Usual Adult Dose for Gastroesophageal Reflux Disease

Parenteral: 300 mg IV or IM every 6 hours. Alternatively, a continuous IV infusion may be administered at a rate of 50 mg/hour. Maximum daily dose should not exceed 2.4 g.

Oral: 800 mg twice a day, or 400 mg 4 times a day.

Usual Adult Dose for Dyspepsia

200 mg orally right before (or up to 30 minutes) eating. Maximum per 24 hours: 2 doses.

Usual Pediatric Dose for Gastroesophageal Reflux Disease

Neonatal: 5 to 10 mg/kg/day administered IV or IM in divided doses every 8 to 12 hours.

Infants: 10 to 20 mg/kg/day administered IV, IM, or oral in divided doses every 6 to 12 hours.

Children: 20 to 40 mg/kg/day administered IV, IM, or oral in divided doses every 6 hours.

Usual Pediatric Dose for Dyspepsia

Greater than or equal to 12 years: 200 mg up to twice daily; may take 30 minutes prior to eating foods or beverages expected to cause heartburn or indigestion.

Renal Dose Adjustments

CrCl <30 mL/min: Give 50% of the recommended dose to patients being treated for prevention of upper GI bleeding.
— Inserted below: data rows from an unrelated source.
Lemma pFrobenius1_criterion a b c G p2 p3 :
  0 < a -> 0 < b -> 0 < c -> coprime a b ->
  (forall x1 x2 x3, x1 * a + x2 * b + x3 * c = G -> x2 = p2 /\ x3 = p3) ->
  (forall t, t < a -> two_reps_below a b c (G + a) t) ->
  is_pFrobenius 1 [:: a; b; c] G%:Z.
Proof.
move=> a_gt0 b_gt0 c_gt0 cop_ab uniq_G reps; split.
  by apply: dcount3_le1 => // x1 x2 x3 y1 y2 y3 /uniq_G[-> ->] /uniq_G[-> ->].
case=> [N|//]; rewrite ltz_nat => lt_GN.
have [t lt_ta tbN] := coprime_residue_mulr N a_gt0 cop_ab.
have [x2 [x3 [y2 [y3 [neq_xy le_x le_y x_mod y_mod]]]]] := reps t lt_ta.
have [x1 rep_x] := eqmod_lift le_x lt_GN (etrans x_mod tbN).
have [y1 rep_y] := eqmod_lift le_y lt_GN (etrans y_mod tbN).
by apply: (@dcount3_gt1 a b c N x1 x2 x3 y1 y2 y3); rewrite // -addnA.
Qed.

Lemma pFrobenius1_large_third a b c : 0 < a -> 0 < b -> coprime a b ->
  (a - 1) * b + a * (b - 1) < c ->
  is_pFrobenius 1 [:: a; b; c] ((2 * a%:Z - 1) * b%:Z - a%:Z)%R.
Proof.
move=> a_gt0 b_gt0 cop_ab lt_Gc.
have -> : ((2 * a%:Z - 1) * b%:Z - a%:Z)%R = Posz ((a - 1) * b + a * (b - 1)).
  by rewrite PoszD !PoszM -!subzn; lia.
apply: (@pFrobenius1_criterion _ _ _ _ (a - 1) 0) => //.
- exact: leq_ltn_trans (leq0n _) lt_Gc.
- move=> x1 x2 x3 rep_x.
  have x3_0 : x3 = 0.
    case: x3 rep_x => // x3 rep_x; have := leq_pmull c (ltn0Sn x3).
    by rewrite -(leq_add2l (x1 * a + x2 * b)) rep_x leqNgt ltn_addl.
  move: rep_x; rewrite x3_0 addn0 => rep_x.
  have lt_a1a : a - 1 < a by rewrite subn1 ltn_predL.
  have [s def_x2 def_x1] := coprime_lincomb_eq cop_ab lt_a1a rep_x.
  have s_0 : s = 0.
    case: s def_x1 {def_x2} => // s; have := leq_pmull b (ltn0Sn s); lia.
  by rewrite def_x2 s_0 addn0.
- have def_Ga : (a - 1) * b + a * (b - 1) + a = (a - 1) * b + a * b.
    by rewrite -addnA -mulnSr !subn1 prednK.
  move=> t lt_ta; have le_t : t <= a - 1 by lia.
  exists t, 0, (t + a), 0; rewrite !mul0n !addn0 def_Ga; split.
  + by rewrite xpair_eqE eqxx andbT; lia.
  + by rewrite (leq_trans _ (leq_addr _ _)) // leq_mul2r le_t orbT.
  + by rewrite mulnDl leq_add2r leq_mul2r le_t orbT.
  + by [].
  + by rewrite mulnDl addnC [a * b]mulnC modnMDl.
Qed.
Lemma ev_dot_tail_mon p b : p \is k.-homog -> (q1 - k <= b <= k)%N ->
  (ev p *m (ev 'X_[tail_mon b])^T) 0 0
  = (b == k)%:R * p@_(tail_mon k) - p@_(tail_mon (q1 - b)).
Proof.
move=> p_homog b_range; rewrite ev_dotX big_seq.
rewrite (eq_bigr (fun m => (b == k)%:R * (p@_m * (m == tail_mon k)%:R)
                          - p@_m * (m == tail_mon (q1 - b))%:R)) => [|m m_supp].
  by rewrite -big_seq sumrB -mulr_sumr !sum_msupp_coef.
rewrite point_sum_tail_mon ?(dhomogP _ _ _ p_homog) // mulrBr.
by case: (b == k); rewrite /= ?mul1r ?mul0r ?mulr0.
Qed.

(* [c a] stands for the coefficient of x_(n-1)^(k-a) x_n^a. *)
Lemma tail_coef_eq0 (c : nat -> F) :
  (forall b, (q1 - k <= b <= k)%N -> (b == k)%:R * c k - c (q1 - b)%N = 0) ->
  forall a, (q1 - k <= a <= k)%N -> c a = 0.
Proof.
move=> eqs.
have c_gt a : (q1 - k < a <= k)%N -> c a = 0.
  move=> a_range; have := eqs (q1 - a)%N ltac:(lia).
  have -> : (q1 - (q1 - a) = a)%N by lia.
  have -> : (q1 - a == k)%N = false by lia.
  by rewrite mul0r sub0r => /eqP; rewrite oppr_eq0 => /eqP.
move=> a a_range; have [|le_a] := ltnP (q1 - k) a; first by move=> lt_a; apply: c_gt; lia.
have -> : a = (q1 - k)%N by lia.
have := eqs k ltac:(lia); rewrite eqxx mul1r c_gt; last by lia.
by rewrite sub0r => /eqP; rewrite oppr_eq0 => /eqP.
Qed.

Lemma ev_sub_calM_mx p : p \is k.-homog ->
  (forall a, (q1 - k <= a <= k)%N -> p@_(tail_mon a) = 0) ->
  (ev p <= calM_mx F n k)%MS.
Proof.
move=> p_homog tail_coef0; rewrite (mpolyE p) ev_sum big_seq.
apply: summx_sub => m m_supp; rewrite evZ.
have [/excluded_monP[a a_range ->]|not_excl] := boolP (excluded_mon F k m).
  by rewrite tail_coef0 // scale0r sub0mx.
rewrite scalemx_sub //; apply: (@evX_sub_mx F n (calM F n k)).
by rewrite mem_calM not_excl andbT (dhomogP _ _ _ p_homog).
Qed.

Lemma hull_sub_calM_mx C : is_PRM_code k C -> (hull C <= calM_mx F n k)%MS.
Proof.
move=> C_PRM; apply/row_subP => i; set v := row i (hull C).
have /(C_PRM v).1[p [p_homog v_ev]] : (v <= C)%MS.
  exact: submx_trans (row_sub i _) (capmxSl _ _).
have v_orth : v *m C^T = 0.
  by apply/sub_kermxP; apply: submx_trans (row_sub i _) (capmxSr _ _).
rewrite v_ev in v_orth *; apply: (ev_sub_calM_mx p_homog).
apply: tail_coef_eq0 => b b_range; rewrite -(ev_dot_tail_mon p_homog b_range).
rewrite (mulmx_tr_sub0 v_orth) ?mxE //; apply/(C_PRM _).2.
exists 'X_[tail_mon b]; split=> //; rewrite dhomogX; apply/eqP/mdeg_tail_mon => //; lia.
Qed.
End Hull.

Theorem mainTheorem10 (F : finFieldType) (n k : nat) :
  (1 <= n)%N -> (#|F|.-1 < 2 * k)%N -> (k < #|F|.-1)%N ->
  (exists C : 'M[F]_(Npts F n), is_PRM_code k C) /\
  (forall C : 'M[F]_(Npts F n), is_PRM_code k C ->
     [/\ (\rank (hull C) + (2 * k + 1 - #|F|.-1) = \rank C)%N,
         \rank C = 'C(n + k, k),
         row_free (calM_mx F n k)
       & (calM_mx F n k == hull C)%MS]).
Proof.
move=> n_gt0 lt_q1_2k k_lt; split.
  by exists <<evX_mx F (deg_mons n k)>>%MS => v; rewrite genmxE sub_evX_deg_monsP.
move=> C C_PRM; have rank_C := rank_PRM_code k_lt C_PRM.
have calM_hull : (calM_mx F n k == hull C)%MS.
  by rewrite /eqmx (calM_mx_sub_hull n_gt0 lt_q1_2k k_lt C_PRM)
             (hull_sub_calM_mx n_gt0 lt_q1_2k k_lt C_PRM).
have free_calM := row_free_calM_mx n k_lt.
split=> //; rewrite -(eqmx_rank calM_hull) (eqP free_calM) rank_C -size_deg_mons.
exact: size_calM.
Qed.
(* Let $p$ be an odd prime, let $a$ be an integer with $a\not\equiv 0,\pm1\pmod p$, and let $n\ge 1$ with $T_n(a)\not\equiv\pm1\pmod p$. Define $\epsilon(b)=\left(\frac{b^2-1}{p}\right)$ and $\delta(b)=\left(\frac{2(b+1)}{p}\right)$ (Legendre symbols). Then $\epsilon(T_n(a))=\epsilon(a)$. Moreover $\delta(T_n(a))=1$ if $n$ is even and $\delta(T_n(a))=\delta(a)$ if $n$ is odd.
   Context: $T_n(x)$ denotes the Chebyshev polynomial of the first kind, the integer polynomial with $T_n(\cos\theta)=\cos n\theta$, equivalently $(x+\sqrt{x^2-1})^n=T_n(x)+U_{n-1}(x)\sqrt{x^2-1}$. *)

From mathcomp Require Import all_boot all_order all_algebra.
Set Implicit Arguments. Unset Strict Implicit. Unset Printing Implicit Defensive.
Import Order.TTheory GRing.Theory Num.Theory.
Local Open Scope ring_scope.

(* Chebyshev polynomial of the first kind, evaluated in a commutative ring:
   T_0 = 1, T_1 = x, T_{n+2} = 2 x T_{n+1} - T_n.  (Equivalent to T_n(cos t) = cos(n t).) *)
Fixpoint chebT_pair {R : comNzRingType} (x : R) (n : nat) : R * R :=
  match n with
  | 0%N => (1, x)
  | k.+1 => let (a, b) := chebT_pair x k in (b, 2 * x * b - a)
  end.

Definition chebT {R : comNzRingType} (n : nat) (x : R) : R := (chebT_pair x n).1.

Definition legendre (a : int) (p : nat) : int :=
  if (p%:Z %| a)%Z then 0
  else if [exists x : 'I_p, ((x%:Z) ^+ 2 == a %[mod p%:Z])%Z] then 1 else -1.

(* Over F_p, with w := T_{n+1}(a) - a T_n(a) (that is, (a^2 - 1) U_{n-1}(a)), the Pell
   equation reads (T_n(a)^2 - 1)(a^2 - 1) = w^2, so the two arguments of epsilon differ
   by a square factor.  Likewise 2(T_{2m}(a) + 1) = (2 T_m(a))^2 and
   2(T_{2m+1}(a) + 1) * 2(a + 1) = (2 (T_m(a) + T_{m+1}(a)))^2, which gives delta. *)

From mathcomp Require Import all_boot all_order all_algebra.
From mathcomp Require Import ring.
Set Implicit Arguments. Unset Strict Implicit.
Import Order.TTheory GRing.Theory Num.Theory.
Local Open Scope ring_scope.

Section Chebyshev.
Variable R : comNzRingType.
Implicit Types x : R.

Lemma chebT0 x : chebT 0 x = 1. Proof. by []. Qed.

Lemma chebT1 x : chebT 1 x = x. Proof. by []. Qed.

Lemma chebTSS x k : chebT k.+2 x = 2 * x * chebT k.+1 x - chebT k x.
Proof. by rewrite /chebT /=; case: (chebT_pair x k). Qed.

Lemma chebT_succ_sqr x k :
  chebT k.+1 x ^+ 2 = 2 * x * chebT k x * chebT k.+1 x - chebT k x ^+ 2 + 1 - x ^+ 2.
Proof.
elim: k => [|k IHk]; first by rewrite chebT0 chebT1; ring.
by rewrite chebTSS IHk; ring.
Qed.

Lemma chebT_pell x k :
  (chebT k.+1 x - x * chebT k x) ^+ 2 = (chebT k x ^+ 2 - 1) * (x ^+ 2 - 1).
Proof.
have -> : (chebT k.+1 x - x * chebT k x) ^+ 2
  = chebT k.+1 x ^+ 2 - 2 * x * chebT k x * chebT k.+1 x + x ^+ 2 * chebT k x ^+ 2.
  by ring.
by rewrite chebT_succ_sqr; ring.
Qed.

Lemma chebT_double_pair x m :
  chebT m.*2 x = 2 * chebT m x ^+ 2 - 1 /\
  chebT m.*2.+1 x = 2 * chebT m x * chebT m.+1 x - x.
Proof.
elim: m => [|m [IHe IHo]]; first by rewrite chebT0 chebT1; split; ring.
have even_step : chebT m.+1.*2 x = 2 * chebT m.+1 x ^+ 2 - 1.
  by rewrite doubleS chebTSS IHe IHo chebT_succ_sqr; ring.
split=> //.
by rewrite doubleS chebTSS -doubleS even_step IHo chebTSS; ring.
Qed.

Lemma chebT_double x m : chebT m.*2 x = 2 * chebT m x ^+ 2 - 1.
Proof. by case: (chebT_double_pair x m). Qed.

Lemma chebT_double_succ x m : chebT m.*2.+1 x = 2 * chebT m x * chebT m.+1 x - x.
Proof. by case: (chebT_double_pair x m). Qed.

Lemma chebT_double_add1 x m : 2 * (chebT m.*2 x + 1) = (2 * chebT m x) ^+ 2.
Proof. by rewrite chebT_double; ring. Qed.

Lemma chebT_double_succ_add1 x m :
  2 * (chebT m.*2.+1 x + 1) * (2 * (x + 1)) = (2 * (chebT m x + chebT m.+1 x)) ^+ 2.
Proof. by rewrite chebT_double_succ exprMn (sqrrD (chebT m x)) chebT_succ_sqr; ring. Qed.

End Chebyshev.

Lemma rmorph_chebT (R S : comNzRingType) (f : {rmorphism R -> S}) (x : R) k :
  f (chebT k x) = chebT k (f x).
Proof.
suff [] : f (chebT k x) = chebT k (f x) /\ f (chebT k.+1 x) = chebT k.+1 (f x) by [].
elim: k => [|k [IHk IHk1]]; first by rewrite !chebT0 !chebT1 rmorph1.
by split=> //; rewrite !chebTSS rmorphB !rmorphM IHk IHk1 rmorph_nat.
Qed.

Section QuadraticCharacter.
Variable F : finFieldType.
Implicit Types u v w : F.

Definition qchar u : int :=
  if u == 0 then 0 else if [exists z, z ^+ 2 == u] then 1 else -1.

Lemma square_mul_sqr u v w : u != 0 -> u * v = w ^+ 2 ->
  [exists z, z ^+ 2 == u] -> [exists z, z ^+ 2 == v].
Proof.
move=> u0 uv_sq /existsP[z /eqP z_sq]; apply/existsP; exists (w / z).
have z0 : z != 0 by apply: contraNneq u0 => z0; rewrite -z_sq z0 expr0n.
by rewrite expr_div_n -uv_sq -z_sq mulrC mulKf ?expf_neq0.
Qed.

Lemma qchar_mul_sqr u v w : u != 0 -> v != 0 -> u * v = w ^+ 2 -> qchar u = qchar v.
Proof.
move=> u0 v0 uv_sq; rewrite /qchar (negbTE u0) (negbTE v0).
have vu_sq : v * u = w ^+ 2 by rewrite mulrC.
case: (boolP [exists z, z ^+ 2 == u]) => [/(square_mul_sqr u0 uv_sq)->|Nu] //.
case: (boolP [exists z, z ^+ 2 == v]) => // /(square_mul_sqr v0 vu_sq).
by rewrite (negbTE Nu).
Qed.

Lemma qchar_sqr w : w != 0 -> qchar (w ^+ 2) = 1.
Proof.
move=> w0; rewrite /qchar expf_eq0 (negbTE w0) andbF.
by case: existsP => // -[]; exists w.
Qed.

Lemma sqr_sub1_neq0 u : u != 1 -> u != -1 -> u ^+ 2 - 1 != 0.
Proof. by move=> u1 uN1; rewrite subr_eq0 sqrf_eq1 negb_or u1. Qed.

Lemma qchar_chebT_sqr_sub1 (x : F) n : x != 1 -> x != -1 ->
  chebT n x != 1 -> chebT n x != -1 ->
  qchar (chebT n x ^+ 2 - 1) = qchar (x ^+ 2 - 1).
Proof.
move=> x1 xN1 t1 tN1.
by apply: (qchar_mul_sqr (w := chebT n.+1 x - x * chebT n x));
  rewrite ?sqr_sub1_neq0 // chebT_pell.
Qed.

Lemma qchar_double_chebT_add1 (x : F) n :
  (2 : F) != 0 -> x != -1 -> chebT n x != -1 ->
  qchar (2 * (chebT n x + 1)) = if odd n then qchar (2 * (x + 1)) else 1.
Proof.
move=> two0 xN1; rewrite -[n]odd_double_half.
have twice_add1_neq0 (y : F) : y != -1 -> 2 * (y + 1) != 0.
  by move=> yN1; rewrite mulf_neq0 // addr_eq0.
case: (odd n) => /= tN1; rewrite ?odd_double /=; have := twice_add1_neq0 _ tN1.
  move=> tw0; apply: qchar_mul_sqr (chebT_double_succ_add1 _ _) => //.
  exact: twice_add1_neq0.
by rewrite add0n chebT_double_add1 expf_eq0 /= => /qchar_sqr.
Qed.

End QuadraticCharacter.

Section PrimeField.
Variable p : nat.
Hypothesis p_prime : prime p.

Lemma eqz_mod_Fp (x y : int) : (x == y %[mod p%:Z])%Z = (x%:~R == y%:~R :> 'F_p).
Proof. by rewrite eqz_mod_dvd (dvdz_pcharf (pchar_Fp p_prime)) rmorphB subr_eq0. Qed.

Lemma legendre_Fp (a : int) : legendre a p = qchar (a%:~R : 'F_p).
Proof.
rewrite /legendre /qchar (dvdz_pcharf (pchar_Fp p_prime)); case: (_ == 0) => //.
congr (if _ then _ else _); apply/existsP/existsP => [[x] | [z /eqP z_sq]].
  by rewrite eqz_mod_Fp rmorphXn => x_sq; exists (val x)%:R.
have z_lt_p : (val z < p)%N by rewrite -[p in (_ < p)%N](Fp_cast p_prime) ltn_ord.
exists (Ordinal z_lt_p); rewrite eqz_mod_Fp rmorphXn -z_sq /=.
suff -> : ((val z)%:~R : 'F_p) = z by [].
by apply: val_inj; rewrite /= val_Fp_nat // modn_small.
Qed.

Lemma Fp_two_neq0 : odd p -> (2 : 'F_p) != 0.
Proof.
move=> p_odd; rewrite -[2]/(2%:R) -(dvdn_pcharf (pchar_Fp p_prime)).
by rewrite gtnNdvd // odd_prime_gt2.
Qed.

End PrimeField.

Theorem lemma3p3 (p : nat) (a : int) (n : nat) :
  prime p -> odd p ->
  ~~ (p%:Z %| a)%Z -> (a != 1 %[mod p%:Z])%Z -> (a != -1 %[mod p%:Z])%Z ->
  (1 <= n)%N ->
  (chebT n a != 1 %[mod p%:Z])%Z -> (chebT n a != -1 %[mod p%:Z])%Z ->
  legendre (chebT n a ^+ 2 - 1) p = legendre (a ^+ 2 - 1) p /\
  legendre (2 * (chebT n a + 1)) p =
    (if odd n then legendre (2 * (a + 1)) p else 1).
Proof.
move=> p_prime p_odd _ a1 aN1 _ t1 tN1.
rewrite !eqz_mod_Fp // rmorph_chebT in a1 aN1 t1 tN1.
rewrite !legendre_Fp // !rmorphM rmorph_nat.
rewrite !rmorphB !rmorphD !rmorphXn !rmorph1 rmorph_chebT.
(* The hypotheses mention (1 : int)%:~R and (-1 : int)%:~R, convertible to 1 and -1. *)
split; first exact: qchar_chebT_sqr_sub1.
by apply: qchar_double_chebT_add1; rewrite ?Fp_two_neq0.
Qed.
The initial recommended dosage for patients with severely impaired renal function is 300 mg orally or injectable, given every 12 hours, and if needed, the frequency may be increased to every 8 hours with caution.

Liver Dose Adjustments

Dosage adjustments should be considered for patients with severe liver disease.

Dose Adjustments

Dosage adjustments are based on patient's individual needs. In adults with normal renal and liver function, the maximum oral or injectable dosage in a 24 hour period should not exceed 2.4 g.

Dosage adjustments may be necessary to maintain an intragastric acid secretory rate at 10 mEq/hr or less.

Precautions

Symptomatic response to cimetidine does not rule out the possibility of gastrointestinal malignancy.

Dialysis

Slightly dialyzable (5% to 20%). Schedule the dose to begin at the end of the hemodialysis session.

Other Comments

A total of 6 to 8 weeks is usually sufficient for ulcer healing. Gastroesophageal reflux disease usually requires 8 to 12 weeks for healing. Erosive esophagitis therapy generally should not exceed 12 weeks.

Agents in this class of drugs (H2 antagonists) have not demonstrated unequivocal efficacy in the treatment of upper gastrointestinal hemorrhage, nor are they approved by the FDA for use in this setting. However, some clinicians use intravenous H2 antagonists as part of the therapeutic approach to treating upper gastrointestinal hemorrhage. Drug has not been studied beyond 7 days.